The state stocks over 500,000 trout in rivers to the east. The Vermilion is the closest. Additionally, Michigan stocks trout in a river to the north (Huron). The Ohio fish head to the lake in the spring and spend the summer in deep water to the north and east. Once they head back to the rivers in the fall, most would probably return further east than where they were stocked in the case of the far western rivers (like the Maumee). Therefore, putting fish in the Maumee would just stock more adults in rivers to the east.
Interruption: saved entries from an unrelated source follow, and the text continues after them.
(* In the setting of the context, assume $G_{xy}^{[1]}=1$, $G_x/G_x^{[1]}\cong S_5$ and $G_x^{[1]}\cong A_4$. Then $G_e$ is isomorphic to one of $\mathrm{L}_1=\langle(1,2,3),(2,3,4),(5,6,7),(6,7,8),(1,2)(5,6),(1,5)(2,6)(3,7)(4,8)\rangle$ or $\mathrm{L}_2=\langle(1,2,3),(2,3,4),(5,6,7),(6,7,8),(1,6,2,5)(3,7)(4,8)\rangle$ (subgroups of $S_8$).
   Context: $\mathcal{A}=(G_x,G_e,G_{xy})$ is a finite, primitive amalgam of degree $(5,2)$ (no nontrivial subgroup of $G_{xy}$ normal in both $G_x$ and $G_e$; $|G_x:G_{xy}|=5$, $|G_e:G_{xy}|=2$), $G=G_x*_{G_{xy}}G_e$ acts on the coset graph (5-valent tree) $\Gamma$, $x$ is the vertex with stabiliser $G_x$, $y$ the neighbour with $G_e$ the setwise stabiliser of $\{x,y\}$ and $G_x\cap G_y=G_{xy}$. $G_z^{[1]}$ is the pointwise stabiliser of $z$ and its neighbours, $G_{xy}^{[1]}=G_x^{[1]}\cap G_y^{[1]}$. *)

From HB Require Import structures.
From mathcomp Require Import all_boot all_order all_fingroup all_solvable.
Set Implicit Arguments. Unset Strict Implicit. Unset Printing Implicit Defensive.
Import GroupScope.

(* Point k (1 <= k <= 8) of {1,...,8}, encoded as the ordinal k-1 of 'I_8. *)
Definition pt (k : nat) : 'I_8 := inord k.-1.

(* The cycle (a1, a2, ..., ak), a1 -> a2 -> ... -> ak -> a1.
   With MathComp's convention (s * t) x = t (s x), this equals
   tperm a1 a2 * tperm a1 a3 * ... * tperm a1 ak. *)
Definition cyc (s : seq nat) : {perm 'I_8} :=
  match s with
  | [::] => 1
  | a :: t => foldr (fun b p => tperm (pt a) (pt b) * p) 1 t
  end.


Definition L1 : {set {perm 'I_8}} :=
  <<[set cyc [:: 1%N; 2%N; 3%N]; cyc [:: 2%N; 3%N; 4%N]; cyc [:: 5%N; 6%N; 7%N]; cyc [:: 6%N; 7%N; 8%N];
        (cyc [:: 1%N; 2%N] * cyc [:: 5%N; 6%N])%g;
        (cyc [:: 1%N; 5%N] * cyc [:: 2%N; 6%N] * cyc [:: 3%N; 7%N] * cyc [:: 4%N; 8%N])%g]>>.

Definition L2 : {set {perm 'I_8}} :=
  <<[set cyc [:: 1%N; 2%N; 3%N]; cyc [:: 2%N; 3%N; 4%N]; cyc [:: 5%N; 6%N; 7%N]; cyc [:: 6%N; 7%N; 8%N];
        (cyc [:: 1%N; 6%N; 2%N; 5%N] * cyc [:: 3%N; 7%N] * cyc [:: 4%N; 8%N])%g]>>.

(* The amalgam (G_x, G_e, G_xy) is represented inside a finite group gT,
   with G_xy = G_x :&: G_e. *)
Definition Gxy (gT : finGroupType) (Gx Ge : {set gT}) : {set gT} := Gx :&: Ge.

(* G_x^{[1]}: kernel of the action of G_x on the neighbours of x, i.e. on
   the cosets of G_xy in G_x; this is the core of G_xy in G_x. *)
Definition Gx1 (gT : finGroupType) (Gx Ge : {set gT}) : {set gT} :=
  gcore (Gxy Gx Ge) Gx.

(* For t in G_e \ G_xy we have y = x t, G_y = G_x^t and G_y^{[1]} = (G_x^{[1]})^t,
   so G_xy^{[1]} = G_x^{[1]} :&: (G_x^{[1]})^t. *)
Definition Gxy1 (gT : finGroupType) (Gx Ge : {set gT}) (t : gT) : {set gT} :=
  Gx1 Gx Ge :&: (Gx1 Gx Ge :^ t).

Definition primitive_amalgam (gT : finGroupType) (Gx Ge : {group gT}) : Prop :=
  forall H : {group gT}, H \subset Gxy Gx Ge -> H <| Gx -> H <| Ge -> H = 1 :> {set gT}.

From HB Require Import structures.
From mathcomp Require Import all_boot all_order all_fingroup all_solvable.
Set Implicit Arguments. Unset Strict Implicit. Unset Printing Implicit Defensive.
Import GroupScope.

(* Let A = G_x^[1] and B = A^t = G_y^[1]: two copies of A_4 inside H = G_xy, both
   normalised by H and meeting trivially, so they commute; |G_e| = 2 |H| = 576.
   G_e permutes the eight Sylow 3-subgroups of A and B by conjugation, H preserving
   the two sets of four and t exchanging them.  An element of H normalising every
   Sylow 3-subgroup of B centralises B, hence lies in A, because in G_x / A = S_5 no
   non-trivial element has a centraliser of order 24 or more (and symmetrically for
   A).  So the action is faithful, A and B act as the alternating groups of the two
   blocks, and these are the only elements of the image of H fixing a block
   pointwise.  A finite computation in S_8 then shows that the image of H lies in
   L1 :&: L2 and that every block-swapping permutation lies in L1 or L2; since
   |L1| = |L2| = |G_e|, G_e is isomorphic to the one containing the image of t. *)

(* Permutations of 'I_n.+1 are encoded by their lists of values; [pcode_mul u v]
   encodes "u, then v", the composition order of {perm _}. *)
Definition pcode_mul (u v : seq nat) := [seq nth 0 v j | j <- u].

Section PermCode.

Variable n : nat.
Implicit Types (p q : {perm 'I_n.+1}) (u v : seq nat).

Definition pcode_seg p m k : seq nat := [seq val (p (inord j)) | j <- iota m k].
Definition pcode p := pcode_seg p 0 n.+1.
Definition pcode_id := iota 0 n.+1.
Definition pcode_tperm a b :=
  mkseq (fun j => if j == a then b else if j == b then a else j) n.+1.

Lemma nth_pcode p (i : 'I_n.+1) : nth 0 (pcode p) i = p i.
Proof. by rewrite (nth_map 0) ?size_iota // nth_iota // inord_val. Qed.

Lemma pcode_inj : injective pcode.
Proof. by move=> p q e; apply/permP => i; apply/val_inj; rewrite /= -!nth_pcode e. Qed.

Lemma pcodeM p q : pcode (p * q) = pcode_mul (pcode p) (pcode q).
Proof.
rewrite /pcode_mul /pcode /pcode_seg -map_comp; apply/eq_in_map => j.
by rewrite mem_iota /= => ltj; rewrite permM -(nth_pcode q).
Qed.

Lemma pcode1 : pcode 1 = pcode_id.
Proof.
rewrite /pcode /pcode_seg -[RHS]map_id; apply/eq_in_map => j; rewrite mem_iota /= => ltj.
by rewrite perm1 inordK.
Qed.

Lemma inord_eqE (a b : nat) :
  a <= n -> b <= n -> (inord a == inord b :> 'I_n.+1) = (a == b).
Proof. by move=> le_an le_bn; rewrite -val_eqE /= !inordK. Qed.

Lemma pcode_tpermE a b : a <= n -> b <= n ->
  pcode (tperm (inord a) (inord b)) = pcode_tperm a b.
Proof.
move=> le_an le_bn; rewrite /pcode /pcode_seg /pcode_tperm /mkseq.
apply/eq_in_map => j; rewrite mem_iota /= => ltj; rewrite /tperm permE /= !inord_eqE //.
by case: ifP => _; [|case: ifP => _]; rewrite inordK.
Qed.

Lemma pcode_seg_perm p m k (s : seq nat) :
  m + k <= n.+1 -> uniq s -> size s = k ->
  (forall i : 'I_n.+1, m <= i < m + k -> val (p i) \in s) ->
  pcode_seg p m k \in permutations s.
Proof.
move=> lemk uniq_s size_s ps; rewrite mem_permutations.
have lt_n1 j : j \in iota m k -> j < n.+1.
  by rewrite mem_iota => /andP[_ lt]; apply: leq_trans lemk.
have uniq_seg : uniq (pcode_seg p m k).
  rewrite map_inj_in_uniq ?iota_uniq // => i j /lt_n1 lti /lt_n1 ltj.
  by move/val_inj/perm_inj/(congr1 val); rewrite /= !inordK.
apply: uniq_perm => //; apply: (uniq_min_size uniq_seg _ _).2.
- move=> _ /mapP[j jmk ->]; apply: ps.
  by rewrite inordK ?lt_n1 // -mem_iota.
- by rewrite size_map size_iota size_s.
Qed.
The Sandusky is better suited for steelhead runs, especially when they remove the dam. It has the same issue as the Maumee - losing some of the originally stocked fish to streams to the east. I don't think the stocked Ohio fish have the great homing instinct as naturally hatched trout, so even though they may search for their original breeding grounds, they often end up in the first river that they find. Many of the Maumee fish are probably strays from the Huron (MI).


----------



## Flathead76 (May 2, 2010)

The salmon that are taken in the maumee are from huron.


----------



## olderfer (Feb 2, 2009)

As I understand it, steelhead that turn up in rivers other than those in which they originated are not really lost. A large percentage of the adults go "home," true. But every year a smaller percentage explores and colonizes new water. By this means, as I understand it, virtually the entire Lake Superior watershed has become steelhead water from original small stockings in Michigan streams.

Jim


----------



## voltron (Oct 13, 2010)

so glad i found this site!! glad i got back into fishing and appreciate all the knowledge!! thanks


----------



## bassmanmark (May 17, 2005)

The closest fishable water for trout or steelhead west in Ohio is Cold Creek. A nice run of steelhead. The Huron also has a decent run of steel. If you want to catch a bunch of them...I would head to the Vermilion. I actually think before they stocked the Vermilion with the Manistee strain...the run was better with the London strain. I much preferred the London strain because they were a fall run and the Manistee are a spring run. I understand that the Manistee is a stronger and larger strain...I just loved the fall run steelhead. The Sandusky is not worth fishing for steel and it will never be the kind of river the steelhead would run...dam or not. It is way to muddy. Old Womens Creek has a good run of steelhead also...even Pipe Creek near Sandusky gets a decent showing...Chance Creek near Vermilion also has a bunch run up it with little pressure. The dam that needs to be removed is the Wellington dam, it serves absolutely no purpose along with the Monroeville dam. Both completely stopped the Muskie run that use to occur before both were put in.


----------



## bassmaniac (May 10, 2004)

When would be the best time to get into the steelhead run and what would be the best way to catch them? I've never done this before and would like to give it a try.


----------



## flytyer (Jan 3, 2005)

bassmaniac, the closest river that the state stocks is the Vermillon. The DNR stocks 5 rivers with steelhead. You can find out which rivers they stock here, plus you can get maps with access sites marked. 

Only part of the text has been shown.